• [WHAT THE TASK ASKS]:
Exactly the lines starting at the line containing "Local Notation lam := (stepsize sigu mu L)." and ending at the line containing "rewrite subr_gt0 -(ger0_norm" are to be written out from the listing below, both included.

• [TASK INPUTS]:

= Beginning of Section =

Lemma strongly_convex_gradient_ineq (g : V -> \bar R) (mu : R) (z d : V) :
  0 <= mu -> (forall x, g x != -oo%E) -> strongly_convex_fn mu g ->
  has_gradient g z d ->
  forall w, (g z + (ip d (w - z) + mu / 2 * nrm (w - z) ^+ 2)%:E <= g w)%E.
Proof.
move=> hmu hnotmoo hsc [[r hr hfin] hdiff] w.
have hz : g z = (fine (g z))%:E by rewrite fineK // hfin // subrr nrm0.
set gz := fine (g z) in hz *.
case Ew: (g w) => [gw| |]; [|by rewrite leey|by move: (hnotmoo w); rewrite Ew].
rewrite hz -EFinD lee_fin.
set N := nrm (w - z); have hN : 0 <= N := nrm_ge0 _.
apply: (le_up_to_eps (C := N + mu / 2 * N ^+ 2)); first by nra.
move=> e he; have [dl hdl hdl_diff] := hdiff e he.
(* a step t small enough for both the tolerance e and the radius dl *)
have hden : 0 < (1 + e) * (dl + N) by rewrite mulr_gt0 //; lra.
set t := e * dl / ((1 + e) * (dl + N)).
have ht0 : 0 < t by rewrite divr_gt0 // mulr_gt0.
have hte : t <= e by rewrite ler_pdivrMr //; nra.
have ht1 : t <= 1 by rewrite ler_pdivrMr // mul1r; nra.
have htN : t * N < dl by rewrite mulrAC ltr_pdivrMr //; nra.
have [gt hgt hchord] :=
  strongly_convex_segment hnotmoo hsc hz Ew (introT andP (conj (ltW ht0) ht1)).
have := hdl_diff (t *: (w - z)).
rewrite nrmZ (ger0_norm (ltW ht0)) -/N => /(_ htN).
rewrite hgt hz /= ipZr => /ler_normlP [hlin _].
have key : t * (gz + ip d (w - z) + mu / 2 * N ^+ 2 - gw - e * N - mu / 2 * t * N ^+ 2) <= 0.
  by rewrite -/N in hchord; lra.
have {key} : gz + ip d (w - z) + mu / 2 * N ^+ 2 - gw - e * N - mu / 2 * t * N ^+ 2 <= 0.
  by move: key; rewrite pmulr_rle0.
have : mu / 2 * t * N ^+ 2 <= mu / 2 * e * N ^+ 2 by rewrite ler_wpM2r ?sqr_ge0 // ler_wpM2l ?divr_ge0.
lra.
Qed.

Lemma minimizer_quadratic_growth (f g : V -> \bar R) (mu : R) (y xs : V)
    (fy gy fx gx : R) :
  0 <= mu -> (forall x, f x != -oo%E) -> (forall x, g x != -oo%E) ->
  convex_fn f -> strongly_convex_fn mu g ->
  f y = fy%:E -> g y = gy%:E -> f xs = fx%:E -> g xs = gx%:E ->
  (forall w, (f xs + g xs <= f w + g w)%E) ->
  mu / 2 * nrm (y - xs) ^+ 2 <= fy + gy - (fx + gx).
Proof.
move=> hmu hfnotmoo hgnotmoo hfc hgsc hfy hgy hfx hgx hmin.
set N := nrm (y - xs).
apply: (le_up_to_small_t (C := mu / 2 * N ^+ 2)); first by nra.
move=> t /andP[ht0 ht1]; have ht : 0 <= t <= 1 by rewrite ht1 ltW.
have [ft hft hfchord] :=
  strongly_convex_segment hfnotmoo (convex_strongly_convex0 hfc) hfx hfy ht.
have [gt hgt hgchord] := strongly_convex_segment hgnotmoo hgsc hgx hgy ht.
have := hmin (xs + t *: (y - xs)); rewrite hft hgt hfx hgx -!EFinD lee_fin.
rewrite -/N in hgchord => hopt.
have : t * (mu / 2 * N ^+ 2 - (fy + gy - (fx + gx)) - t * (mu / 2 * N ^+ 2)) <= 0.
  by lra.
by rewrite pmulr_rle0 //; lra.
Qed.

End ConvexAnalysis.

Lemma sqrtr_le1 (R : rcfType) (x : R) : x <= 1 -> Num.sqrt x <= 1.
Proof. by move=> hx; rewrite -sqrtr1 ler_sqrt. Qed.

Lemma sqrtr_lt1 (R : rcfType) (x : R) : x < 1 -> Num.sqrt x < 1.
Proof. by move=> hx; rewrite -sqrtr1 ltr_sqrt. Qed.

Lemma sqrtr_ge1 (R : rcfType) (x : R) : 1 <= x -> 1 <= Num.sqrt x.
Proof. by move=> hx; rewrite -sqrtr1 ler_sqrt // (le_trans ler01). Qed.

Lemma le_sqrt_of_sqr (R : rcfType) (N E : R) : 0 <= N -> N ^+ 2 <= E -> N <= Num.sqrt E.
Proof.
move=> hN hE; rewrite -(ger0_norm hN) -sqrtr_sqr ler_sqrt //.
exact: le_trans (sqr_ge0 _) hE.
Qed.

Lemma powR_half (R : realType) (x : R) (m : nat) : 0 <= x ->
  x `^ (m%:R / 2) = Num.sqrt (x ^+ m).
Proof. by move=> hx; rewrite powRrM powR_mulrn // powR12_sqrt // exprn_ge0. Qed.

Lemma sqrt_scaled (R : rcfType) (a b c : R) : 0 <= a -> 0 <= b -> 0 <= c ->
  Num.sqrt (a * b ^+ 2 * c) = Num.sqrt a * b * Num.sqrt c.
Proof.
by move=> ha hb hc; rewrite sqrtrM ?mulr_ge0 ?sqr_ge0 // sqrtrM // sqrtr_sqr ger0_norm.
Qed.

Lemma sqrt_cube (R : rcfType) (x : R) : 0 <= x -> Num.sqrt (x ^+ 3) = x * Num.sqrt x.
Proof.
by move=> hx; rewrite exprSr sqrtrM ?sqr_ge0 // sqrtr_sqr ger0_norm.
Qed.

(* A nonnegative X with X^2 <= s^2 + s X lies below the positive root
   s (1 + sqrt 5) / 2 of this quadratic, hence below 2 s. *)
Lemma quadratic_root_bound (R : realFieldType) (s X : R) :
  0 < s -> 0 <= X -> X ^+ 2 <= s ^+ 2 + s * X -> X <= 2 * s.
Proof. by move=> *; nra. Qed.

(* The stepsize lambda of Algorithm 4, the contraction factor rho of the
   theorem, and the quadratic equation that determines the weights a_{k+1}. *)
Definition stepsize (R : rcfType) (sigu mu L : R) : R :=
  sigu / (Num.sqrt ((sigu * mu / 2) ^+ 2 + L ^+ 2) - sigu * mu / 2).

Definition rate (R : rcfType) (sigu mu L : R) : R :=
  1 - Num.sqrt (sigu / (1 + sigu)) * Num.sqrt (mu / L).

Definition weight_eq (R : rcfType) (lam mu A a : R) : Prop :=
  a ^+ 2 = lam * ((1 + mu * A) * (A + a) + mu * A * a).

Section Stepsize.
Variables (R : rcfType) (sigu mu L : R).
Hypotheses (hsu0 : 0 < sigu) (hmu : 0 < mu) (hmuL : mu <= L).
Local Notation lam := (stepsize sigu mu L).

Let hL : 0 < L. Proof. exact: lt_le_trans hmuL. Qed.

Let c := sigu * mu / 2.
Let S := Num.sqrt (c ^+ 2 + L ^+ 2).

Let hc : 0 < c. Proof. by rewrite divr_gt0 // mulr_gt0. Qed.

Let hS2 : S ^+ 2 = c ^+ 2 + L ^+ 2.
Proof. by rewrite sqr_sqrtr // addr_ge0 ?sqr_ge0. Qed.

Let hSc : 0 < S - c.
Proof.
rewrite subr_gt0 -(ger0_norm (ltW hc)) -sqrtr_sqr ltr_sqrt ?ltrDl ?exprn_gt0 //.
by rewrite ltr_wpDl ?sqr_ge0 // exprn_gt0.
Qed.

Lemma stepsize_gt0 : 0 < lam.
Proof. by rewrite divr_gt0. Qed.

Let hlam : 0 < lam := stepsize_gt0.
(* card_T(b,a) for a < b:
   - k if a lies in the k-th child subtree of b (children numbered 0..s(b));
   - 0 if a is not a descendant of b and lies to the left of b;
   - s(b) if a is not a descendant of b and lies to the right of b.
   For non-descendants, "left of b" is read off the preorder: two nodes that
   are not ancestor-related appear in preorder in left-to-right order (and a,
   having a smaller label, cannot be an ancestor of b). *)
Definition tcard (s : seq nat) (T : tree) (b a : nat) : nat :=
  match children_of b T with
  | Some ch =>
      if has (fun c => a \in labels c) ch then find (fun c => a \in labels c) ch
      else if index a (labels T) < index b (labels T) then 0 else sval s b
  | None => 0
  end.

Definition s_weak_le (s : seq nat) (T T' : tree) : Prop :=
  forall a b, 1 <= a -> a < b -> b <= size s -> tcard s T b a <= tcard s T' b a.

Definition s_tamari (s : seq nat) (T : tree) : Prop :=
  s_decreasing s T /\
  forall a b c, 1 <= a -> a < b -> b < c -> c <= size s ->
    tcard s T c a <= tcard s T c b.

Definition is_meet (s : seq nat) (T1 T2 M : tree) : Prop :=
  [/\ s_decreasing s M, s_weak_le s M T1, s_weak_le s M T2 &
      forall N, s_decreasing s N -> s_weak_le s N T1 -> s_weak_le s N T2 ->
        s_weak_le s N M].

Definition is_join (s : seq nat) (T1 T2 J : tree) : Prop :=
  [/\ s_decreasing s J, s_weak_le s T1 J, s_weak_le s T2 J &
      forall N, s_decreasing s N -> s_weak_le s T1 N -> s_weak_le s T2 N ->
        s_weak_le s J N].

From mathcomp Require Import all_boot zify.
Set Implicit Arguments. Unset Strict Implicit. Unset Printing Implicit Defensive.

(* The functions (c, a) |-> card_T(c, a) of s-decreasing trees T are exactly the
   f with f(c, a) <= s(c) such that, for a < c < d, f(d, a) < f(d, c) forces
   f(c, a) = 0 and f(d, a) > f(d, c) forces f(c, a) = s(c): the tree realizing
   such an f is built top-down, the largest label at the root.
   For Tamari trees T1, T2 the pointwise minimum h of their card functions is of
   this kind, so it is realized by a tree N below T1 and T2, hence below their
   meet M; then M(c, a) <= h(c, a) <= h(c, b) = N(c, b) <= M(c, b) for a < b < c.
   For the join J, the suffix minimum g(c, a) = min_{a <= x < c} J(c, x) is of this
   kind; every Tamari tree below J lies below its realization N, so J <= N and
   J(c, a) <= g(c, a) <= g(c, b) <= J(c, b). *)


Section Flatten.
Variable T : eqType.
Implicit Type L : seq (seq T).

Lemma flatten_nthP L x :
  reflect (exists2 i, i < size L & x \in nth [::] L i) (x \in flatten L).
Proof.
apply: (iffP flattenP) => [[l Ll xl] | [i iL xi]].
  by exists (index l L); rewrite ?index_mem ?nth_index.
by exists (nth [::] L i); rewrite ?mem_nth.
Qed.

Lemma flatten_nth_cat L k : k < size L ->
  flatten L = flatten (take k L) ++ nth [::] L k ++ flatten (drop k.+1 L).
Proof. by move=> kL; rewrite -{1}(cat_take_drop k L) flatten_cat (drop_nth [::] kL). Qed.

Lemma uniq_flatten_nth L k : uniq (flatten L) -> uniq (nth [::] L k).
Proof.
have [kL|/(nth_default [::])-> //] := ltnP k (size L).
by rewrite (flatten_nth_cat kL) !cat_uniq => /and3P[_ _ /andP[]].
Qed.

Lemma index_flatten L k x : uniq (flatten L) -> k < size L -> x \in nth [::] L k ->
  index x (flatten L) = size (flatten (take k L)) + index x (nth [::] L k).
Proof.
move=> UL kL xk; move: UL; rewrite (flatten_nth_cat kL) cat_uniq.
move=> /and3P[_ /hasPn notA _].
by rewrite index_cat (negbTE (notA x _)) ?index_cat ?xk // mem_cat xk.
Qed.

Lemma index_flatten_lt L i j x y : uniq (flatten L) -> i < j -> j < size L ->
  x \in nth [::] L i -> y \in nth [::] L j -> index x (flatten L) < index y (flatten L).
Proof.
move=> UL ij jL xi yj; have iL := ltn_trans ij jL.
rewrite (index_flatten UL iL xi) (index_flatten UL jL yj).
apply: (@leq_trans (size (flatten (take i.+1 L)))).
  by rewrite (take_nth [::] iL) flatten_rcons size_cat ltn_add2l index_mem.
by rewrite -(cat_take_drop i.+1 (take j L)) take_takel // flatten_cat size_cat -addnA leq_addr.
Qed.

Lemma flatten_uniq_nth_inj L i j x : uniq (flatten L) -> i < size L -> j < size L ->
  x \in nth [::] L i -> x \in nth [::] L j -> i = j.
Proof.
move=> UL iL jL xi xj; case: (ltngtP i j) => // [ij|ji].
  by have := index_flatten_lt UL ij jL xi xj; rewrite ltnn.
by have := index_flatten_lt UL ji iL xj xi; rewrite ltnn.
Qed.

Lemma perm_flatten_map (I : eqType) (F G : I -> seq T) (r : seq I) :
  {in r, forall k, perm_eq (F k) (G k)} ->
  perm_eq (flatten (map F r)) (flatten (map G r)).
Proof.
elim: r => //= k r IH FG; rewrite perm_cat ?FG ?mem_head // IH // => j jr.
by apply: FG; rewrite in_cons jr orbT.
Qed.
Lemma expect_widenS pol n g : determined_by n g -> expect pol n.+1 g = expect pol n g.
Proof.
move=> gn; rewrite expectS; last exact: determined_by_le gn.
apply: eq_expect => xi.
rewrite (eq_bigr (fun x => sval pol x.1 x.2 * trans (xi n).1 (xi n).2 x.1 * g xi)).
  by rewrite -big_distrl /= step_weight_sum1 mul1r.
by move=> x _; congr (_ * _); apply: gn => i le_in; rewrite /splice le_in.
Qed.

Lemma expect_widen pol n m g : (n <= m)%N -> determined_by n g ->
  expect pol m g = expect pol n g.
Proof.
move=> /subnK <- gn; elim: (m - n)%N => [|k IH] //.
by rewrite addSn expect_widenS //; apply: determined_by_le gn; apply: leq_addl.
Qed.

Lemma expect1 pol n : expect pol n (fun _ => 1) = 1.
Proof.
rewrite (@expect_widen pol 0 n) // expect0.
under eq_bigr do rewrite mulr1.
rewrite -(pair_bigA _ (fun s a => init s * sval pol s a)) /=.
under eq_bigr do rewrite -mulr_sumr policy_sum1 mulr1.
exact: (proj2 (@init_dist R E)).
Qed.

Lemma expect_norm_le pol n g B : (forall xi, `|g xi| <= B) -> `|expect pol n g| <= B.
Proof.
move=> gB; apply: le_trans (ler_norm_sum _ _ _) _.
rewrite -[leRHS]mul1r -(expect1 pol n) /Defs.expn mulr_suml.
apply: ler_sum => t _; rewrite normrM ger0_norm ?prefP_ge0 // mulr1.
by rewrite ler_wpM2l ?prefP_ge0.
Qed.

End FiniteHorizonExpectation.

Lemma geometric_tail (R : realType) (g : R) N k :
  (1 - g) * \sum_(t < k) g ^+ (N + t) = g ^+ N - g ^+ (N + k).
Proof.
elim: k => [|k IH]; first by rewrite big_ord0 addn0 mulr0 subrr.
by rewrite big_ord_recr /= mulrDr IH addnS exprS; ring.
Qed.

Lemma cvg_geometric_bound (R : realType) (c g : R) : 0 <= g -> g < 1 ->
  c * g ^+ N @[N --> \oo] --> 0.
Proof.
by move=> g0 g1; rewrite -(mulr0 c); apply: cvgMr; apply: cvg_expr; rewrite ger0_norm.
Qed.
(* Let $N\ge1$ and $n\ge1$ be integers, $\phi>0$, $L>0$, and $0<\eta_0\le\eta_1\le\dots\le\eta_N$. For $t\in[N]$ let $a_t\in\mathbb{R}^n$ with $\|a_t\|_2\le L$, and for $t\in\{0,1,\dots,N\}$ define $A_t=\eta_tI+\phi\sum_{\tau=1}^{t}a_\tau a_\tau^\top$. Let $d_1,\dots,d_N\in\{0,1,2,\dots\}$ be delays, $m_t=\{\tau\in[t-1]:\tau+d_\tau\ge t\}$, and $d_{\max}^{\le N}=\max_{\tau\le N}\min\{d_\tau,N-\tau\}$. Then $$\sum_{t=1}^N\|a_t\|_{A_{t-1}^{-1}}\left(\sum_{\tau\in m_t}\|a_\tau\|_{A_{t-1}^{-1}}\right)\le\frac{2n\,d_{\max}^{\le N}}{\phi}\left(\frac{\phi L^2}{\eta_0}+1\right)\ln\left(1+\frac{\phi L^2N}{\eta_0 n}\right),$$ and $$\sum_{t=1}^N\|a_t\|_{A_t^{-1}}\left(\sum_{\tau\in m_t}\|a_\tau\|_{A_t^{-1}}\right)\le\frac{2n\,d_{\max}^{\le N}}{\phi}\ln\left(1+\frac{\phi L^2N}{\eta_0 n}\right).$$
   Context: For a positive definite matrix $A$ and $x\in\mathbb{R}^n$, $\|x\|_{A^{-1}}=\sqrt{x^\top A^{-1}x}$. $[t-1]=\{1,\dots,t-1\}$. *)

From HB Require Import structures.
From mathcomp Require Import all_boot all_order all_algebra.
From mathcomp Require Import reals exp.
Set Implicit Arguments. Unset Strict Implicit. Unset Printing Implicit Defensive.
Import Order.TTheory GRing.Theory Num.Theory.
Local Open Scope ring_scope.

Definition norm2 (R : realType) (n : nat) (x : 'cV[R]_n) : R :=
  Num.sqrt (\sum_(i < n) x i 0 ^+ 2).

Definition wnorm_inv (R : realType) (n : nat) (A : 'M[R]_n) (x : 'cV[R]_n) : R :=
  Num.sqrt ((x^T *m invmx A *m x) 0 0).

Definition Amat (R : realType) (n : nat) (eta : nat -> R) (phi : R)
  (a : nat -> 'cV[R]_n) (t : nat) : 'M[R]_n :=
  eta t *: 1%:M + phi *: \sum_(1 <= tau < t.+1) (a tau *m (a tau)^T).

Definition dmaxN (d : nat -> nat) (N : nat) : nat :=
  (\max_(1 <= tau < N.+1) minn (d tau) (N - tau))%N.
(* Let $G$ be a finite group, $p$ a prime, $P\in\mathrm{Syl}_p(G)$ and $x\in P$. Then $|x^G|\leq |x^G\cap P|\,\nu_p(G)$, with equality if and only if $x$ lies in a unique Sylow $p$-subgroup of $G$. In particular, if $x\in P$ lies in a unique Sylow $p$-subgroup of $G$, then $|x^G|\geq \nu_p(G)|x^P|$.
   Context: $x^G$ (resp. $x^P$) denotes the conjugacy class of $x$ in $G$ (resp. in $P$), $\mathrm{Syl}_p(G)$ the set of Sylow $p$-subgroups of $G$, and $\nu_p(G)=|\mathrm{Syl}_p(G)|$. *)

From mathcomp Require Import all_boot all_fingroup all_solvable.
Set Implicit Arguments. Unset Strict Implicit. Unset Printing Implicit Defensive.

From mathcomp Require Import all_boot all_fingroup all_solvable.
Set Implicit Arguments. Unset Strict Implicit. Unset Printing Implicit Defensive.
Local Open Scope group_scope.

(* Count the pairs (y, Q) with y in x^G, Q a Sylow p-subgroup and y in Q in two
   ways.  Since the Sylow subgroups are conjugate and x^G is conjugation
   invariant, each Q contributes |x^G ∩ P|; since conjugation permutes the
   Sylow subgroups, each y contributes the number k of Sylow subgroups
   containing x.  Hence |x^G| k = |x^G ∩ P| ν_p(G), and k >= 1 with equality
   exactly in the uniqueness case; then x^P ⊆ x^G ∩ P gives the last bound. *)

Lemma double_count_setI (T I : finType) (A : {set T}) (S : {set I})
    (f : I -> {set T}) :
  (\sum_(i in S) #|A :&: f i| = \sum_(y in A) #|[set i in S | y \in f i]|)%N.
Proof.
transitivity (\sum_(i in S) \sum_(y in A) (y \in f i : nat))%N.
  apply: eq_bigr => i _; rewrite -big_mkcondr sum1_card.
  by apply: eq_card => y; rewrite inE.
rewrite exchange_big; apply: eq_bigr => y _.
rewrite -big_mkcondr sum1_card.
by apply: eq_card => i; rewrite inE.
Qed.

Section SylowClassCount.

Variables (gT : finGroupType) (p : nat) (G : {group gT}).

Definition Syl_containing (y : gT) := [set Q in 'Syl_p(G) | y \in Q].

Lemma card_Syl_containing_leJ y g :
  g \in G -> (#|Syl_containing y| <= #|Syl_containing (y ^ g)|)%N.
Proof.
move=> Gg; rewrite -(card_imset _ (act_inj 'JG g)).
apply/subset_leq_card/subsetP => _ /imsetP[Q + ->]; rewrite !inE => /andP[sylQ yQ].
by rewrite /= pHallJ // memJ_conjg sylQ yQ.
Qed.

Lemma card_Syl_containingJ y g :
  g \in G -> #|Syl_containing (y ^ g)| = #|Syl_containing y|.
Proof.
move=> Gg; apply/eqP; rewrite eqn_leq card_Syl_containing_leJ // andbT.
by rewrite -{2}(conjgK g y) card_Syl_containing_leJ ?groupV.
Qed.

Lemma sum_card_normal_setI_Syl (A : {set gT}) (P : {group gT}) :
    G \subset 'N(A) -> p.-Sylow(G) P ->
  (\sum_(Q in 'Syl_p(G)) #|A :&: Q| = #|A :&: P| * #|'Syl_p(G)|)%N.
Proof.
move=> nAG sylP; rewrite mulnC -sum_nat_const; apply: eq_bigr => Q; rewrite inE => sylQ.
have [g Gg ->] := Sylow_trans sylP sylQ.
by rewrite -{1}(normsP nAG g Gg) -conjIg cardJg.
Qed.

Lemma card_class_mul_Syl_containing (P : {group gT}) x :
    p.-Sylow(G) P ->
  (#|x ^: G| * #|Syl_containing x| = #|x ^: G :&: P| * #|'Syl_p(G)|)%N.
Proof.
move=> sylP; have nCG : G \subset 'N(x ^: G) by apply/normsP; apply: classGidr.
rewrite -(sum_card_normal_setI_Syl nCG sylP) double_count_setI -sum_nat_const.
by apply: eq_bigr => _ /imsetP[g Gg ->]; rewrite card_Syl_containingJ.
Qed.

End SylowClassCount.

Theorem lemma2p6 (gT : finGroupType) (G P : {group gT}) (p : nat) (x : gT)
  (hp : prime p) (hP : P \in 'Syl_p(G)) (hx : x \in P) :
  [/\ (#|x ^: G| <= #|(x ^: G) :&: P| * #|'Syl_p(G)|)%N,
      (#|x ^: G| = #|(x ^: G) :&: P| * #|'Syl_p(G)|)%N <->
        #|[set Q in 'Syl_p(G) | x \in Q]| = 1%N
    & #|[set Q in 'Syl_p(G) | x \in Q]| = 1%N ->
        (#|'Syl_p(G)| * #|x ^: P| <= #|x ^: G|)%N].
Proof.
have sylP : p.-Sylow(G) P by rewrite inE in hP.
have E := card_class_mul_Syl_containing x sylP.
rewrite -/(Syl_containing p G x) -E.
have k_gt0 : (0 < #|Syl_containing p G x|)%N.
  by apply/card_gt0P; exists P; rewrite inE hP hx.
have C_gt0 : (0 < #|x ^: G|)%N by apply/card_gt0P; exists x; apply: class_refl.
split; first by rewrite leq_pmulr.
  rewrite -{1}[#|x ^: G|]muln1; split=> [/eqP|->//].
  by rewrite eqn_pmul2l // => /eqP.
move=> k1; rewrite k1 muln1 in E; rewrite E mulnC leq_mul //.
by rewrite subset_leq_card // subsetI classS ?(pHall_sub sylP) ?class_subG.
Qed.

= End of Section =

• [ANSWER SECTION]:
Local Notation lam := (stepsize sigu mu L).

Let hL : 0 < L. Proof. exact: lt_le_trans hmuL. Qed.

Let c := sigu * mu / 2.
Let S := Num.sqrt (c ^+ 2 + L ^+ 2).

Let hc : 0 < c. Proof. by rewrite divr_gt0 // mulr_gt0. Qed.

Let hS2 : S ^+ 2 = c ^+ 2 + L ^+ 2.
Proof. by rewrite sqr_sqrtr // addr_ge0 ?sqr_ge0. Qed.

Let hSc : 0 < S - c.
Proof.
rewrite subr_gt0 -(ger0_norm (ltW hc)) -sqrtr_sqr ltr_sqrt ?ltrDl ?exprn_gt0 //.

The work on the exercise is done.